PBS reports the National Academies of Sciences concluded that “immigration has an overall positive impact on long-run economic growth in the U.S.” The report says one in four Americans are immigrants, foreign-born or the child of a foreign-born person. The truth is, if your ancestors arrived on the Mayflower, you descended from immigrants.

If my grandparents didn’t arrive here, hundreds of people would not have been employed in their businesses. Because my grandparents knew deprivations, they always looked for undervalued workers and presented them new opportunities for growth and prosperity.

I know this because I watched it happen. I used to visit the businesses on school vacations. I watched the changes happen. The employees pulled me aside and told me Grandpa helped them.

But their stories weren’t about Grandpa. Their stories were about how they courageously changed their lives with opportunity. Immigrants create more opportunities for more people.

MIT Sloan School of Management reports, “Not only are immigrants 80% more likely to start a business than those born in the U.S., the number of jobs created by these immigrant-founded firms is 42% higher than native-born founded firms, relative to each population.”

I’m thankful to be back in my home after renovations. I’m grateful to the immigrants and locals who did such good work. I’m grateful everyone was safe on the job during the pandemic.

I’m thankful I survived COVID-19. I’m grateful to Dr. Chris Ebert-Santos who exhorted me to get a monoclonal antibody infusion, which arrested the progress of the disease.
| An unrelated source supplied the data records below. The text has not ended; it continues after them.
Lemma tri_composable23 : composable tri2 tri3.
Proof. intros a; cbv beta; rewrite <- mst_rst; exact (tensor_in_balanced _ D a). Qed.

Lemma gmul_tri12 x : gmul tri1 tri2 x = r1 (M x).
Proof.
  symmetry; apply (copair_unique arrows_pushout tri_hom1 tri_hom2 tri_composable12); auto.
  apply tensor_in1_hom.
Qed.

Lemma mul_assoc_le x y z : fle (mul (mul x y) z) (mul x (mul y z)).
Proof.
  pose proof (gmul_hom tri_hom1 tri_hom2 tri_composable12) as H12.
  pose proof (composable_gmul_l tri_hom1 tri_hom2 tri_composable12 tri_composable23) as H12_3.
  destruct (copair_spec arrows_pushout H12 (tensor_in2_hom _ _) H12_3) as (HK & HK1 & HK2).
  apply mul_le, (pushout_beck_chevalley arrows_pushout mst_open HK); auto.
  { intros u; rewrite HK1; apply gmul_tri12. }
  change (copair P1 P2 (gmul tri1 tri2) tri3 (M ?c)) with (gmul (gmul tri1 tri2) tri3 c).
  rewrite (gmul_assoc tri_hom1 tri_hom2 (tensor_in2_hom _ _) tri_composable12 tri_composable23).
  pose proof (composable_gmul_r tri_hom2 (tensor_in2_hom _ _) tri_composable12 tri_composable23)
    as H1_23.
  destruct (copair_spec arrows_pushout tri_hom1
              (gmul_hom tri_hom2 (tensor_in2_hom _ _) tri_composable23) H1_23)
    as (HL & HL1 & HL2).
  destruct (copair_spec arrows_pushout tri_hom2 (tensor_in2_hom _ _) tri_composable23)
    as (H23 & H231 & H232).
  refine (fle_trans _ _ _ _ (hom_mono HL (mul_unit _ _))).
  rewrite (hom_meet HL), HL1, HL2; unfold gmul.
  refine (fle_trans _ _ _ _ (leI2 (fle_refl _) (hom_mono H23 (mul_unit _ _)))).
  rewrite (hom_meet H23), H231, H232, tensor_gen_in, (hom_meet (tensor_in1_hom _ _)), meetA.
  apply fle_refl.
Qed.

Lemma ist_involutive x : I (I x) = x.
Proof. exact (f_equal (fun f => f x) (ginvK (hom_id (G1 G)))). Qed.

Lemma ist_le x y : fle (I x) y <-> fle x (I y).
Proof.
  split; intros H.
  - rewrite <- (ist_involutive x); apply (hom_mono ist_hom), H.
  - rewrite <- (ist_involutive y); apply (hom_mono ist_hom), H.
Qed.

(* The inverse image of the map (g, h) |-> (h^-1, g^-1) on composable pairs. *)
Definition swap : G2 G -> G2 G := copair P1 P2 (ginv P2) (ginv P1).

Lemma swap_composable : composable (ginv P2) (ginv P1).
Proof. exact (composable_ginv pi_balanced). Qed.

Lemma swap_spec : frame_hom swap /\ (forall x, swap (P1 x) = P2 (I x)) /\
  (forall y, swap (P2 y) = P1 (I y)).
Proof.
  exact (copair_spec arrows_pushout (ginv_hom pi2_hom) (ginv_hom pi1_hom) swap_composable).
Qed.

Lemma mst_ist x : M (I x) = swap (M x).
Proof.
  pose proof (f_equal (fun f => f x) (ginv_gmul pi1_hom pi2_hom pi_balanced)) as E.
  cbv beta in E; unfold ginv at 1 in E; rewrite gmul_pi in E; exact E.
Qed.

Lemma swap_involutive w : swap (swap w) = w.
Proof.
  destruct swap_spec as (Hs & E1 & E2).
  apply (pushout_hom_ext arrows_pushout (hom_comp Hs Hs) (hom_id _)); intros x;
    rewrite ?E1, ?E2, ?E1, ?E2, ist_involutive; auto.
Qed.

Lemma ist_direct_image w : I (left_adj M w) = left_adj M (swap w).
Proof.
  destruct swap_spec as (Hs & E1 & E2).
  apply eq_of_upper_bounds; intros c.
  rewrite ist_le, !(proj1 mst_open), mst_ist; split; intros H.
  - rewrite <- (swap_involutive (M c)); apply (hom_mono Hs), H.
  - rewrite <- (swap_involutive w); apply (hom_mono Hs), H.
Qed.

Lemma ist_mul x y : I (mul x y) = mul (I y) (I x).
Proof.
  destruct swap_spec as (Hs & E1 & E2).
  unfold OG_mul; rewrite ist_direct_image, (hom_meet Hs), E1, E2, meetC; auto.
Qed.

Lemma mul_assoc x y z : mul (mul x y) z = mul x (mul y z).
Proof.
  apply fle_antisym; [apply mul_assoc_le |].
  rewrite <- (ist_involutive (mul x (mul y z))), <- (ist_involutive (mul (mul x y) z)).
  apply (hom_mono ist_hom); rewrite !ist_mul; apply mul_assoc_le.
Qed.

(* The inverse images of the maps <u d, 1> and <1, i> : G1 -> G2. *)
Definition unitor : G2 G -> G1 G := copair P1 P2 (gid_dom (fun x => x)) (fun x => x).
Definition inverter : G2 G -> G1 G := copair P1 P2 (fun x => x) I.

Lemma unitor_spec : frame_hom unitor /\ (forall x, unitor (P1 x) = D (U x)) /\
  (forall y, unitor (P2 y) = y).
Proof.
  exact (copair_spec arrows_pushout (gid_dom_hom (hom_id _)) (hom_id _) (composable_gid_dom _)).
Qed.

Lemma inverter_spec : frame_hom inverter /\ (forall x, inverter (P1 x) = x) /\
  (forall y, inverter (P2 y) = I y).
Proof. exact (copair_spec arrows_pushout (hom_id _) ist_hom (composable_ginv_r _)). Qed.

Lemma unitor_mst x : unitor (M x) = x.
Proof. exact (f_equal (fun f => f x) (gmul_id_l (hom_id (G1 G)))). Qed.

Lemma inverter_mst x : inverter (M x) = D (U x).
Proof. exact (f_equal (fun f => f x) (gmul_inv_r (hom_id (G1 G)))). Qed.

Lemma unitor_pi x y : unitor (fmeet (P1 x) (P2 y)) = fmeet (D (U x)) y.
Proof. destruct unitor_spec as (Hu & E1 & E2); rewrite (hom_meet Hu), E1, E2; auto. Qed.

Lemma inverter_pi x y : inverter (fmeet (P1 x) (P2 y)) = fmeet x (I y).
Proof. destruct inverter_spec as (Hi & E1 & E2); rewrite (hom_meet Hi), E1, E2; auto. Qed.

Lemma unit_le_mul x y : fle (fmeet (D (U x)) y) (mul x y).
Proof.
  rewrite <- unitor_pi, <- (unitor_mst (mul x y)).
  apply (hom_mono (proj1 unitor_spec)), mul_unit.
Qed.

Lemma le_unit_mul_inv x : fle x (D (U (mul x (I x)))).
Proof.
  rewrite <- inverter_mst, <- (meetxx x) at 1; rewrite <- (ist_involutive x) at 2.
  rewrite <- inverter_pi; apply (hom_mono (proj1 inverter_spec)), mul_unit.
Qed.

Lemma mul_below_closed z : tensor_closed R D (fun x y => fle (mul x y) z).
Proof.
  split; [|split; [|split]].
  - intros x y x' y' H Hx Hy; exact (fle_trans _ _ _ (mul_mono Hx Hy) H).
  - intros X y H; rewrite mul_sup_l; apply fsup_lub; intros t [x [Hx ->]]; auto.
  - intros x Y H; rewrite mul_sup_r; apply fsup_lub; intros t [y [Hy ->]]; auto.
  - intros x a y; rewrite mul_balanced; tauto.
Qed.

Lemma muA_radj_iff z x y :
  muA_radj (G0 G) (G1 G) mul (OG_actL G) (OG_actR G) z x y <-> fle (mul x y) z.
Proof.
  split.
  - intros H; apply (H _ (mul_below_closed z)); intros S [_ HS] x' y' Hxy.
    refine (fle_trans _ _ _ _ HS); apply fsup_ub; eauto.
  - intros Hxy T _ HT; apply (HT (fun x y => fle (mul x y) z)); auto.
    split; [apply mul_below_closed |].
    apply fsup_lub; intros t [x' [y' [H ->]]]; auto.
Qed.

Lemma OG_multiplicative : is_multiplicative (G0 G) (G1 G) mul (OG_actL G) (OG_actR G).
Proof.
  intros Z x y; rewrite muA_radj_iff; split.
  - intros H T HT Hsub; apply (pushout_ind arrows_pushout HT).
    apply mul_le in H; refine (fle_trans _ _ _ H _).
    rewrite (hom_sup mst_hom); apply fsup_lub; intros t [z [Hz ->]].
    rewrite (pushout_decomp arrows_pushout (M z)) at 1; apply sup_le_sup.
    intros t [p [q [Hpq ->]]]; eexists.
    split; [exists p, q; split; [| reflexivity] | apply fle_refl].
    apply (Hsub _ (ex_intro _ z (conj Hz eq_refl))), muA_radj_iff, mul_le, Hpq.
  - intros H; apply (H _ (mul_below_closed _)); intros S [z [Hz ->]] x' y' Hxy.
    apply muA_radj_iff in Hxy; refine (fle_trans _ _ _ Hxy _); apply fsup_ub, Hz.
Qed.

Lemma OG_equivariant_support :
  is_equivariant_support (G0 G) (G1 G) mul (OG_inv G) (OG_actL G) (OG_supp G).
Proof.
  pose proof (proj1 Hd) as Hadj.
  unfold is_equivariant_support, is_support, OG_supp, OG_actL, OG_inv.
  split; [split; [|split; [|split]] |].
  - apply (left_adj_sup Hadj).
  - apply top_le; rewrite <- (ust_dst (left_adj D ftop)), <- (hom_top ust_hom).
    apply (hom_mono ust_hom), (left_adj_unit Hadj).
  - intros x y; refine (fle_trans _ _ _ _ (unit_le_mul _ _)).
    apply leI2, fle_refl; apply (hom_mono dst_hom), Hadj, le_unit_mul_inv.
  - intros x; rewrite meetC; apply meet_l, (left_adj_unit Hadj).
  - intros a x; rewrite meetC, (proj2 Hd), meetC; auto.
Qed.

Lemma OG_based_quantal_frame :
  is_based_quantal_frame (G0 G) (G1 G) mul (OG_inv G) (OG_actL G) (OG_actR G).
Proof.
  unfold is_based_quantal_frame, is_AA_quantale, is_bimodule, is_involutive,
    OG_actL, OG_actR, OG_inv.
  split; [split; [repeat split |] | split; [repeat split | split]].
  - intros; apply fdistr.
  - intros S q; rewrite (hom_sup dst_hom), meet_sup_r, img_comp; auto.
  - intros q S; rewrite (hom_sup rst_hom), meet_sup_r, img_comp; auto.
  - intros; apply fdistr.
  - intros m; rewrite (hom_top dst_hom); apply meet1x.
  - intros a b m; rewrite (hom_meet dst_hom); symmetry; apply meetA.
  - intros m; rewrite (hom_top rst_hom); apply meet1x.
  - intros a b m; rewrite (hom_meet rst_hom); meet_ac.
  - intros a b m; meet_ac.
  - repeat split; intros.
    + apply mul_assoc.
    + apply mul_sup_l.
    + apply mul_sup_r.
    + apply mul_dst_l.
    + apply mul_balanced.
    + apply mul_rst_r.
  - apply (hom_sup ist_hom).
  - apply ist_involutive.
  - apply ist_mul.
  - intros a b x; rewrite !(hom_meet ist_hom), ist_dst, ist_rst; meet_ac.
  - intros a x y; meet_ac.
  - intros a x y; meet_ac.
Qed.

Lemma OG_unit_laws : unit_laws (G0 G) (G1 G) mul (OG_actL G) (OG_ups G).
Proof.
  intros a; unfold OG_ups, OG_actL; apply fle_antisym.
  - apply fsup_lub; intros t [x [y [Hle ->]]]; exact (fle_trans _ _ _ (unit_le_mul x y) Hle).
  - rewrite <- (unitor_mst a) at 1.
    rewrite (pushout_decomp arrows_pushout (M a)), (hom_sup (proj1 unitor_spec)).
    apply fsup_lub; intros t [s [[p [q [Hpq ->]]] ->]]; rewrite unitor_pi.
    apply fsup_ub; exists p, q; split; auto; apply mul_le, Hpq.
Qed.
I’m thankful I was vaccinated and boosted and that my case wasn’t worse.

I’m thankful I have Medicare, which paid for the treatment; and I despair that others do not have the health care they need.

Let’s take stock of the many things for which we each give thanks. Let’s also show grace and compassion to those who struggle.

I’m thankful to have the opportunity to work with others who uplift members of our community. I’m grateful to the many members of our community who gave generously to Thanksgiving To-Go. We fed 600 families.

Thanks also to those of you who give of your time and precious dollars to help the Family & Intercultural Resource Center, Building Hope Summit County, The Summit Foundation, the Summit Colorado Interfaith Council, and our food banks and day shelters, to name a few. Thank you.

We can do one more thing.

We must be respectful and courteous to one another — even when we don’t agree, even when the other person is being rude. Whoops, I confess I reciprocated a rude gesture and mumbled to myself this week when people in vehicles were rude to me. I’ll just keep working on that.

Hope you have a great Thanksgiving weekend. See you back here in two weeks.